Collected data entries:
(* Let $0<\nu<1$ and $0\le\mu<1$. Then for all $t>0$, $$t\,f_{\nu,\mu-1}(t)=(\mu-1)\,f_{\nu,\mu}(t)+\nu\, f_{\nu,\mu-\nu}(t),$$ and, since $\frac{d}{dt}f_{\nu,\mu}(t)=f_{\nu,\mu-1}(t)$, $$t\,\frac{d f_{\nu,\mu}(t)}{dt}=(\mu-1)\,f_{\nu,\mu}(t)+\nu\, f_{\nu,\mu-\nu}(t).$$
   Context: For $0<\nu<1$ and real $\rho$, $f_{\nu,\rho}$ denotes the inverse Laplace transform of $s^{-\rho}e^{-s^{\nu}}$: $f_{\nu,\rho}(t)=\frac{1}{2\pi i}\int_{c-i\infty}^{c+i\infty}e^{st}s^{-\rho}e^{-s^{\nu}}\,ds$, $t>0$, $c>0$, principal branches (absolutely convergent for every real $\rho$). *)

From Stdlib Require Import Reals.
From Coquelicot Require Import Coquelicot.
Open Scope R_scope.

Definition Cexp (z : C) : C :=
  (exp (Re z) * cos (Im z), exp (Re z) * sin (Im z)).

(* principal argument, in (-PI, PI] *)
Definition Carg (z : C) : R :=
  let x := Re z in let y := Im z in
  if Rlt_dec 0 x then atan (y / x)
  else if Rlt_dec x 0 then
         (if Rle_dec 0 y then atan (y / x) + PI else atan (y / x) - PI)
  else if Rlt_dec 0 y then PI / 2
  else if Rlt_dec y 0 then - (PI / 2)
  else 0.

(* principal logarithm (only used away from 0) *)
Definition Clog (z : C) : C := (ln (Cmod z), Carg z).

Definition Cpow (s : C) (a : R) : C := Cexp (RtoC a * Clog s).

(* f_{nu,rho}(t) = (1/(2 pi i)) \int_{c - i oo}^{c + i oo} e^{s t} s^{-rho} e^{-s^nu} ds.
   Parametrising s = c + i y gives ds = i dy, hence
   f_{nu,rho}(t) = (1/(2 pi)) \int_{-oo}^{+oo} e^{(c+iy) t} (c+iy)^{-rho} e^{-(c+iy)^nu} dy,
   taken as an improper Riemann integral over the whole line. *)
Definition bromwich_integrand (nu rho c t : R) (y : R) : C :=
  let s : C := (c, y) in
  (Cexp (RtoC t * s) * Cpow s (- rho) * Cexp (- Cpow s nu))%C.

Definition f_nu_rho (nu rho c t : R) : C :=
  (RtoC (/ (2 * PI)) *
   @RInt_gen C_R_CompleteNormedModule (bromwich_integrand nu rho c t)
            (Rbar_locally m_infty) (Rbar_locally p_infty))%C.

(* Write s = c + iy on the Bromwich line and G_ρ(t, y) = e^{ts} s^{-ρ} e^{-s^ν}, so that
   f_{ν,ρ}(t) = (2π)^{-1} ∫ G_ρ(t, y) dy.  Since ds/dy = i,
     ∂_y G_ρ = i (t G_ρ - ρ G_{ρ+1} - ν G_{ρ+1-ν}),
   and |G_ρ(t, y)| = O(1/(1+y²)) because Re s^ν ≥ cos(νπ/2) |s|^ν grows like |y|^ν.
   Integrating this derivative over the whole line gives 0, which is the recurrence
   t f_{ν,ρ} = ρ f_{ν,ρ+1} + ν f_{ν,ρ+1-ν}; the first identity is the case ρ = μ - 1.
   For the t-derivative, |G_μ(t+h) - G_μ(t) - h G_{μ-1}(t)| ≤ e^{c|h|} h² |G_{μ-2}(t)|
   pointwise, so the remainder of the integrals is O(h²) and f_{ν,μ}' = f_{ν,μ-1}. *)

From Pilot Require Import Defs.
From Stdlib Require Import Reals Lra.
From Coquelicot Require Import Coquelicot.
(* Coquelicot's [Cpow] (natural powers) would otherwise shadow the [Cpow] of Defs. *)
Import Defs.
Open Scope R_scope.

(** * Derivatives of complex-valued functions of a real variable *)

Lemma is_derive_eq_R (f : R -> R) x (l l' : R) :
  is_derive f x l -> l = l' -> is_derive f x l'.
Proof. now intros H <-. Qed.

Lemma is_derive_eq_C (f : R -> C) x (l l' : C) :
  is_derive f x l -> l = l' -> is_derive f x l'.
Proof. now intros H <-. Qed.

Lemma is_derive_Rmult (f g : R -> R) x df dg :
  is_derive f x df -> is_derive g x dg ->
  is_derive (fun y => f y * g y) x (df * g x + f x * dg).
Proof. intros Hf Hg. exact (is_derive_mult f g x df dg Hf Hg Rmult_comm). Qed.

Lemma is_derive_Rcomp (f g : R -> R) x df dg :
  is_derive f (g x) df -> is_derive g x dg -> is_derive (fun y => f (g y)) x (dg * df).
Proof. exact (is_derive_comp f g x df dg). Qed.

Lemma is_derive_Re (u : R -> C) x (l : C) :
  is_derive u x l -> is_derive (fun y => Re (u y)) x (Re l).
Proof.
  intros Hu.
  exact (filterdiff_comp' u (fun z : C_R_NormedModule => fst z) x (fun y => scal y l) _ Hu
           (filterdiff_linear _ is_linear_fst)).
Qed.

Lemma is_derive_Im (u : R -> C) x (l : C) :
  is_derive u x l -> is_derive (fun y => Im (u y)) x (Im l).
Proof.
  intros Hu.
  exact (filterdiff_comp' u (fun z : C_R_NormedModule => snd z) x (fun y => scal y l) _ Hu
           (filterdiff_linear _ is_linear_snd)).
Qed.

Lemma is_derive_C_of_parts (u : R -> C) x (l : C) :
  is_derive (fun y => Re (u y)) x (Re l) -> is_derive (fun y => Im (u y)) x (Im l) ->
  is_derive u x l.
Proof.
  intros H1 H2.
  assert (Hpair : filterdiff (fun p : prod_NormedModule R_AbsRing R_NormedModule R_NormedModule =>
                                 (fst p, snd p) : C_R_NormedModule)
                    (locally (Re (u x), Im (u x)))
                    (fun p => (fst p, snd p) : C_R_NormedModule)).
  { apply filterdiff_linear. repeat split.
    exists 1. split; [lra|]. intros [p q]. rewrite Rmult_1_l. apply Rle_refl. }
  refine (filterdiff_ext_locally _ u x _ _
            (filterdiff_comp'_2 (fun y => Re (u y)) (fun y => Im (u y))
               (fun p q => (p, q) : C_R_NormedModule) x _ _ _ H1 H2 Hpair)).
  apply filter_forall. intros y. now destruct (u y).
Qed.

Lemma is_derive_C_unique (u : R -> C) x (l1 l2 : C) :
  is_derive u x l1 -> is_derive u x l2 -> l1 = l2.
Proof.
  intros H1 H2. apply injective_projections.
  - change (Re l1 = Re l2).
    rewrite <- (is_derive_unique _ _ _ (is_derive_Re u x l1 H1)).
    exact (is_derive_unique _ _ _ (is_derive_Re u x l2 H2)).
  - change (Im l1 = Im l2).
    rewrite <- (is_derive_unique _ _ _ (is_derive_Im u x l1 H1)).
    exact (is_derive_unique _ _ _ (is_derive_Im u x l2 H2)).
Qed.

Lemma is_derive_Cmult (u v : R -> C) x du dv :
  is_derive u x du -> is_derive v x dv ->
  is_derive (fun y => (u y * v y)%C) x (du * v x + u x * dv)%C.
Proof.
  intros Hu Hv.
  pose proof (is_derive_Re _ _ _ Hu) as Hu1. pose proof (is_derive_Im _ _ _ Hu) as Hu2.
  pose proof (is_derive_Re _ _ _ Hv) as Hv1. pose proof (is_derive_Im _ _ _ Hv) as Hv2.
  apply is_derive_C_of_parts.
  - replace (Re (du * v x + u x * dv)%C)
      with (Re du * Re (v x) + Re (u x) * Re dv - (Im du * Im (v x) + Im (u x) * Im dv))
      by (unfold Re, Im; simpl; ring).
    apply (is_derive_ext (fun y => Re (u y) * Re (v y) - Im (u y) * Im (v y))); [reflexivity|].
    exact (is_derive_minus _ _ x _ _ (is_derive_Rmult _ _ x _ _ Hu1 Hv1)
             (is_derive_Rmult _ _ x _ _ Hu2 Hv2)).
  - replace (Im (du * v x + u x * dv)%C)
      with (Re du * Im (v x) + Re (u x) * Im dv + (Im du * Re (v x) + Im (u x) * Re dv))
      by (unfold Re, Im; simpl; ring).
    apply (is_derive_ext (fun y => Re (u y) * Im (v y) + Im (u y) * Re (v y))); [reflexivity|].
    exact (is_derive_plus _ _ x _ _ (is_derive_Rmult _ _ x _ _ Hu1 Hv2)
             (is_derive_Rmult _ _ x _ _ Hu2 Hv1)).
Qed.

■ Problem to solve: Throughout the data above, report every line that contains the string "exact".

■ Response area:
Proof. intros Hf Hg. exact (is_derive_mult f g x df dg Hf Hg Rmult_comm). Qed.
Proof. exact (is_derive_comp f g x df dg). Qed.
  exact (filterdiff_comp' u (fun z : C_R_NormedModule => fst z) x (fun y => scal y l) _ Hu
  exact (filterdiff_comp' u (fun z : C_R_NormedModule => snd z) x (fun y => scal y l) _ Hu
    exact (is_derive_unique _ _ _ (is_derive_Re u x l2 H2)).
    exact (is_derive_unique _ _ _ (is_derive_Im u x l2 H2)).
    exact (is_derive_minus _ _ x _ _ (is_derive_Rmult _ _ x _ _ Hu1 Hv1)
    exact (is_derive_plus _ _ x _ _ (is_derive_Rmult _ _ x _ _ Hu1 Hv2)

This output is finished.